■ **WHAT THE EXERCISE ASKS**
Print the line containing "by move=> AB;" and each line after it to the end of the material below. Print nothing else.

■ **MATERIAL FOR THE TASK**
↓↓↓
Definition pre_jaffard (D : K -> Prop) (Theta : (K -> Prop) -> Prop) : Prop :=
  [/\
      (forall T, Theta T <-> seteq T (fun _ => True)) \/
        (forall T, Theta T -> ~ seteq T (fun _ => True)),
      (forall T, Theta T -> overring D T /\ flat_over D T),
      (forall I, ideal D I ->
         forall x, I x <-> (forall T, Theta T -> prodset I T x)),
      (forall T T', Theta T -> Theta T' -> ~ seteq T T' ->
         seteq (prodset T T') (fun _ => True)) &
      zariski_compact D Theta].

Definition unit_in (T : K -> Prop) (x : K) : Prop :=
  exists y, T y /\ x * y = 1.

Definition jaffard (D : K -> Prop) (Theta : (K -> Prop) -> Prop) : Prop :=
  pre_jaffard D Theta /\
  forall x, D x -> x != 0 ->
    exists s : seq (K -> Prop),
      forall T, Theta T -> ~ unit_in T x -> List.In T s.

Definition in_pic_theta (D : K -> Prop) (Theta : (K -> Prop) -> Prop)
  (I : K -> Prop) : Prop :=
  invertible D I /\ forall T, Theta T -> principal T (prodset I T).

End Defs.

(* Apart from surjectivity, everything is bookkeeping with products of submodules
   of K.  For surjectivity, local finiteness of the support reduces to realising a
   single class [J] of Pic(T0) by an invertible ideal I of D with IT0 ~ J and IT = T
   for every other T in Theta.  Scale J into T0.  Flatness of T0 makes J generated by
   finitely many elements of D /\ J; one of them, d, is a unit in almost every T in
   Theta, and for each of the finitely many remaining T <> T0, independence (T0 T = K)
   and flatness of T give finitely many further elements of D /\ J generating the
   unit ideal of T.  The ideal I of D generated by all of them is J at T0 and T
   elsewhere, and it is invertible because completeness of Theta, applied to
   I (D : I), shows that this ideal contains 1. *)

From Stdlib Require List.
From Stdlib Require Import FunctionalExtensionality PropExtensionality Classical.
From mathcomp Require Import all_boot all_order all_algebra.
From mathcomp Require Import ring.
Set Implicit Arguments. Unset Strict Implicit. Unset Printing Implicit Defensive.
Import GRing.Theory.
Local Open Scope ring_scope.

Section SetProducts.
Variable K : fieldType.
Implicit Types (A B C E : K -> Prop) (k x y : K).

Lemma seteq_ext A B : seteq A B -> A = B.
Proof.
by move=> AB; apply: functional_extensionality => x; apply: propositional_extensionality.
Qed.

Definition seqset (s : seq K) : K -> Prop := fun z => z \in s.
↑↑↑
■ **RESPONSE BOX**
by move=> AB; apply: functional_extensionality => x; apply: propositional_extensionality.
Qed.

Definition seqset (s : seq K) : K -> Prop := fun z => z \in s.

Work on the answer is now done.